- Task prompt -
Beneath this task is a listing; tally its lines that contain "false" and give only the total.

- Exercise inputs -
Content starts
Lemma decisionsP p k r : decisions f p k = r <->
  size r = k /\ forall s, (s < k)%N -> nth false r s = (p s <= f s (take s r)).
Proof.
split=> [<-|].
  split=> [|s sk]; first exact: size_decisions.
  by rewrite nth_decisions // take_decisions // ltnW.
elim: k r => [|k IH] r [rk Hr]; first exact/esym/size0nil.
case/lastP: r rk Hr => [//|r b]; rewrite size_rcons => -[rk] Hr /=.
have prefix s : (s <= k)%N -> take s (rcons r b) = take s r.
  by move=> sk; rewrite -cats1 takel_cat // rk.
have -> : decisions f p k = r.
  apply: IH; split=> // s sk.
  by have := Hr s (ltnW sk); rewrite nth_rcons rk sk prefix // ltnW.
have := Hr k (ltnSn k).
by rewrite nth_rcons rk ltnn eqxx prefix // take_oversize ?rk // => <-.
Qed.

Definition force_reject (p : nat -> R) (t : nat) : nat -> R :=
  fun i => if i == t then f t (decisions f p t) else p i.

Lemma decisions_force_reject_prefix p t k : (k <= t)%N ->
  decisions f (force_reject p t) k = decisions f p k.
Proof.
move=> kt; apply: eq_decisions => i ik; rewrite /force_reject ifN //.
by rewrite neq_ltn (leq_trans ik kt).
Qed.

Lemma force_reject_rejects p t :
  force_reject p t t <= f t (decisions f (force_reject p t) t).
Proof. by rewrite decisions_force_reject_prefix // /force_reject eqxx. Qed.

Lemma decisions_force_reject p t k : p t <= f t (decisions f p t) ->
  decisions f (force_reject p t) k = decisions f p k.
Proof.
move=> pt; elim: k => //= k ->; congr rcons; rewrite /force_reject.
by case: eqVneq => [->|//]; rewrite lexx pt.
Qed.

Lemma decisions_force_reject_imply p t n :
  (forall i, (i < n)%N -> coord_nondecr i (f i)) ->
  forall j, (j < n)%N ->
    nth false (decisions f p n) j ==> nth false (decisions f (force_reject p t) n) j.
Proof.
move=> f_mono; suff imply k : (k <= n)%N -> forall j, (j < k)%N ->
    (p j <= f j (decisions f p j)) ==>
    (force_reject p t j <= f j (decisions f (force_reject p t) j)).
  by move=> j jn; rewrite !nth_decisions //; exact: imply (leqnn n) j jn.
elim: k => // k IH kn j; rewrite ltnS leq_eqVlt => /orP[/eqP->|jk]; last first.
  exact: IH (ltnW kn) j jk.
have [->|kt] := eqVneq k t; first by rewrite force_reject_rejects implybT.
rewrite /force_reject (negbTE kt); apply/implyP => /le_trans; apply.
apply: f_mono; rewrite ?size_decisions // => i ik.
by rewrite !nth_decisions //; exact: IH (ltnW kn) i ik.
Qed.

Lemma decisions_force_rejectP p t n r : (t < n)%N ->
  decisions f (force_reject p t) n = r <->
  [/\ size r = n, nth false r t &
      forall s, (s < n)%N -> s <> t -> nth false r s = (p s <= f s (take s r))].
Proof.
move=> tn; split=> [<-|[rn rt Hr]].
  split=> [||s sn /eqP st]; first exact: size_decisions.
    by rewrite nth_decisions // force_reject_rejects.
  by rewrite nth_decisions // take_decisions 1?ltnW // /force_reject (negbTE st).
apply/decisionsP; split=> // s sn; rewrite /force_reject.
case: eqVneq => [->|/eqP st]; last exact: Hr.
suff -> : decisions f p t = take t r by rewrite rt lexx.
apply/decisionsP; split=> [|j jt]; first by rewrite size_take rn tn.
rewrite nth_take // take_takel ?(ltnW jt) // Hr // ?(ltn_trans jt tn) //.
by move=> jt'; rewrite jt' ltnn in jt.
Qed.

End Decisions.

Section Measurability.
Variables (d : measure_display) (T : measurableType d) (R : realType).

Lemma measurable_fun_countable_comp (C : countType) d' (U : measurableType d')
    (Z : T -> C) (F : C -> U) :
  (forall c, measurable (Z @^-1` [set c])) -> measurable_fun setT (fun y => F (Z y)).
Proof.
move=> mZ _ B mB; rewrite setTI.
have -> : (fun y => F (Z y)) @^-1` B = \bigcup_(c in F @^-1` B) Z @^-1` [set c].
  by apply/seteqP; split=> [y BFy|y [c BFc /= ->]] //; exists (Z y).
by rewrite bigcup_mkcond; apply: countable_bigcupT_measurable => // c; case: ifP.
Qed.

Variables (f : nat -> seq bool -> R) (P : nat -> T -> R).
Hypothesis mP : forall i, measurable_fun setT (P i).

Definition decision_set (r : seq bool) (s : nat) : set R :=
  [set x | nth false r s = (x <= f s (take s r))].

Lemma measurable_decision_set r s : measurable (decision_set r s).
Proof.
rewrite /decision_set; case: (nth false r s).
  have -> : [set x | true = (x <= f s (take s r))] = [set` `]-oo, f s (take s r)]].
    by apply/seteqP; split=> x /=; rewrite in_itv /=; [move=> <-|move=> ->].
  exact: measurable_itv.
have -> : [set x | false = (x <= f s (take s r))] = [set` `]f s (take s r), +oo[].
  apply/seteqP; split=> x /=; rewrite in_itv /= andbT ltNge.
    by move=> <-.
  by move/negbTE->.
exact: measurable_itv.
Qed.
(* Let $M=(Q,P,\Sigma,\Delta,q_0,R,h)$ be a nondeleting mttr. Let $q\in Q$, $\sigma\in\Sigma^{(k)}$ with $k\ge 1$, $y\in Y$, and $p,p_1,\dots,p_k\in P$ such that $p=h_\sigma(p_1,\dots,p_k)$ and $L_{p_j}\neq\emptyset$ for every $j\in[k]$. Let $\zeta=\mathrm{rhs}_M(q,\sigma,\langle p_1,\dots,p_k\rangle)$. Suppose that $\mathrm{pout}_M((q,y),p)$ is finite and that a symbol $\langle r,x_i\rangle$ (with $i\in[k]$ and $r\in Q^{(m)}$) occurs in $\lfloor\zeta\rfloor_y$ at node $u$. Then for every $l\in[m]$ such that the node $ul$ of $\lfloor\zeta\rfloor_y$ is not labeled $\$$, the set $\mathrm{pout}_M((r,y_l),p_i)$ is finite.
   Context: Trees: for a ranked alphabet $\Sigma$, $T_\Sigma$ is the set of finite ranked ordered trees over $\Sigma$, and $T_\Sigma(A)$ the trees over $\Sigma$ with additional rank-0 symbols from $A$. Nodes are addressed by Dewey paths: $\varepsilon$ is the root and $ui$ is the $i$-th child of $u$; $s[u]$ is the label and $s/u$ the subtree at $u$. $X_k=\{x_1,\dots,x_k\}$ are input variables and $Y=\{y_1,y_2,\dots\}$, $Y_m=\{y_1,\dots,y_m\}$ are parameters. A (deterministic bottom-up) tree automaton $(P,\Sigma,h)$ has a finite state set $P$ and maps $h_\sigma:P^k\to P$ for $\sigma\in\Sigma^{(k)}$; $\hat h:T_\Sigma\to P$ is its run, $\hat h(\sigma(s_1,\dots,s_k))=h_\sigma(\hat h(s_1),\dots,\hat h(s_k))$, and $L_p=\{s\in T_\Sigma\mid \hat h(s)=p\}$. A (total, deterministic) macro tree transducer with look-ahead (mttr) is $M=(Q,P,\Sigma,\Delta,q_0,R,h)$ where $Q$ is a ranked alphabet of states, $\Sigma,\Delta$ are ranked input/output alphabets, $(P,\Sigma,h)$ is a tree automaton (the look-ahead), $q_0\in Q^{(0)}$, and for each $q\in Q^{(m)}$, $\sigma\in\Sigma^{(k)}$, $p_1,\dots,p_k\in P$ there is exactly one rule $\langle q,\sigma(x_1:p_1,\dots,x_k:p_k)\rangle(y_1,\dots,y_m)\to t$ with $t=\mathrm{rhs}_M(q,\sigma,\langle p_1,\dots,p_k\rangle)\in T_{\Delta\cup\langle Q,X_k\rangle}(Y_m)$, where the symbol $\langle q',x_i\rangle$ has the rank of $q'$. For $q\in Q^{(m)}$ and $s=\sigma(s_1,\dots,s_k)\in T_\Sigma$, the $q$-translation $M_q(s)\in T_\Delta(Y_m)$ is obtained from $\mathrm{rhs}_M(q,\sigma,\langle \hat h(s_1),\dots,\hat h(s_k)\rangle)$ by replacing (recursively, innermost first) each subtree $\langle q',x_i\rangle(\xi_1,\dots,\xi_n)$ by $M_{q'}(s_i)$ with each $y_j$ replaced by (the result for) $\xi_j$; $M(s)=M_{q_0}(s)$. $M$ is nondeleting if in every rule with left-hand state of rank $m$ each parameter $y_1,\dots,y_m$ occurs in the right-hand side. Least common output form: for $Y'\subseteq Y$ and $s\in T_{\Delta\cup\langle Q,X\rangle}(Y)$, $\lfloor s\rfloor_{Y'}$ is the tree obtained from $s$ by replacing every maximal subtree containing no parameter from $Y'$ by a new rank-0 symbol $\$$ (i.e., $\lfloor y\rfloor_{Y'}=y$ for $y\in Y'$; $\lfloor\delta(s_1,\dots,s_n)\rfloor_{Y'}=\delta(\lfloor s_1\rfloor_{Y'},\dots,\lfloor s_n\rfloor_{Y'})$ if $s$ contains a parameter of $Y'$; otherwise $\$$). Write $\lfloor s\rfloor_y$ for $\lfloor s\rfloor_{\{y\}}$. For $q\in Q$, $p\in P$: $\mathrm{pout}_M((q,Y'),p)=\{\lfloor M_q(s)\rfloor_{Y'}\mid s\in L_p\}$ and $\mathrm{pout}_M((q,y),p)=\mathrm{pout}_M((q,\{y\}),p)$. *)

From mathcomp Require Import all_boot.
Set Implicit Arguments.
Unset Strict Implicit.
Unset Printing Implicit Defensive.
Content ends
- Task solution -
7